Development and Validation of Genetic Risk Scores for Cardiovascular Disease

One clinical application for cardiovascular genomics is the development of “genetic risk scores,” which can be used to estimate risk for CVD based on the presence or absence of multiple genetic variants. The development of such risk scores begins by defining the relationship between specific genetic variants and risk of CVD. For example, in the CARDIoGRAM plus C4D Consortium, investigators performed a GWAS meta-analysis from the 1000 Genomes Project, characterizing genetic variants in coronary artery disease (CAD) (evaluating 6.7 million common (minor allele frequency (MAF) >0.05) and 2.7 million low-frequency variants (0.005 < MAF < 0.05)).

The investigators confirmed the contribution of multiple known loci to CAD and also identified 10 new loci. The minor allele frequency of the implicated genes was high, which supports the common disease- common variant hypothesis. In another study involving an analysis of risk of coronary heart disease (CHD) in secondary and primary prevention trials (total of 48,427 individuals and 3477 events), patients were stratified by “genetic risk score” (defined by the presence of up to 27 SNPs, known to associate with CHD).

The authors defined low, intermediate, and high genetic risk, which predicted CHD events and statin benefit. The greatest odds ratio (OR) for CHD from the panel of SNPs came from SNPs in the gene for lipoprotein(a) (LPA): rs3798220 (OR 1.47) and rs10455872 (OR 1.70). After these SNPs in LPA, the SNP with next highest OR for CHD in this analysis was rs4977574 at the 9p21.3 locus (OR 1.29) (Fig. 4.1).

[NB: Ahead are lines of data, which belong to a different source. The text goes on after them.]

Lemma covers_odds_succ k s : covers_odds k.+1 s = covers_odds k s && ((2 * k).+1 \in parts s).
Proof. by rewrite /covers_odds -[k.+1]addn1 iotaD all_cat /= andbT. Qed.

Lemma covers_odds_top K b u :
  covers_odds K.+1 (((2 * K).+1, b) :: u) = covers_odds K (((2 * K).+1, b) :: u).
Proof. by rewrite covers_odds_succ /= mem_head andbT. Qed.

Lemma parts_below_notin k s : parts_below k s -> (2 * k).+1 \notin parts s.
Proof.
move=> s_below; apply/mapP => -[p /(allP s_below) /= lt_p k_eq].
by move: lt_p; rewrite -k_eq ltnNge leqnSn.
Qed.

Lemma parts_below_op_before K b s : parts_below K s -> all (op_before ((2 * K).+1, b)) s.
Proof. by apply: sub_all => p lt_p; rewrite /op_before /= ltnS ltnW. Qed.

Lemma omo_cover_cons K b u : all (op_before ((2 * K).+1, b)) u ->
  omo_cover (((2 * K).+1, b) :: u) = (b ==> ~~ covers_odds K u) && omo_cover u.
Proof.
move=> u_after; rewrite /omo_cover [all _ (_ :: _)]/=.
have -> : uphalf (2 * K) = K by rewrite mul2n uphalf_double.
rewrite covers_odds_cons ?leqnSn //; congr andb; apply: eq_in_all => p p_u /=.
case: p p_u => v [] //= p_u; rewrite covers_odds_cons //.
move: (allP u_after _ p_u); rewrite /op_before /= andbF orbF => lt_v.
by rewrite (leq_trans _ (ltnW lt_v)) // mul2n -geq_half_double.
Qed.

Fig. 4.1. An example of a genetic risk score used to estimate risk for coronary heart disease based on up to 27 single nucleotide polymorphisms (SNPs)

Another study examined the relationship between a CAD risk score (based on 50 SNPs) and cardiovascular outcomes in 3 large prospective cohorts. The investigators examined the interaction between genetic risk and lifestyle on outcomes and found that genetic risk can be offset by lifestyle. Another study evaluated a polygenic risk score based on 57 variants in the West of Scotland Coronary Prevention Study (WOSCOPS), Coronary Artery Risk Development in Young Adults (CARDIA), and Bioimage cohorts, and found that the greatest risk reduction from statins occurred in the subgroup with the highest genetic risk, despite similar degrees of low-density lipoprotein (LDL) lowering across genetic risk groups.

Also, investigators found that a higher genetic risk score was associated with increased coronary artery calcium and carotid artery plaque. A recent report describes the development and testing of a genome-wide polygenic score for CAD, including validation and testing. Here, the CAD risk score is based on >6 million variants and performed well as a risk estimator, and there was a large amount of patients (8%) who were estimated to be at >3-fold risk of CAD based on the CAD risk score; many more people affected than with FH.

It is likely that the predictive ability of such genetic risk scores will continue to improve as additional genetic variants implicated in CVD are discovered and incorporated into such polygenic risk estimates. As these polygenic risk estimates continue to improve, it is conceivable that their use will soon be translated into clinical practice and used alongside traditional risk factors (such as plasma lipid levels) to provide clinicians and patients with a more robust estimation of individualized cardiovascular risk.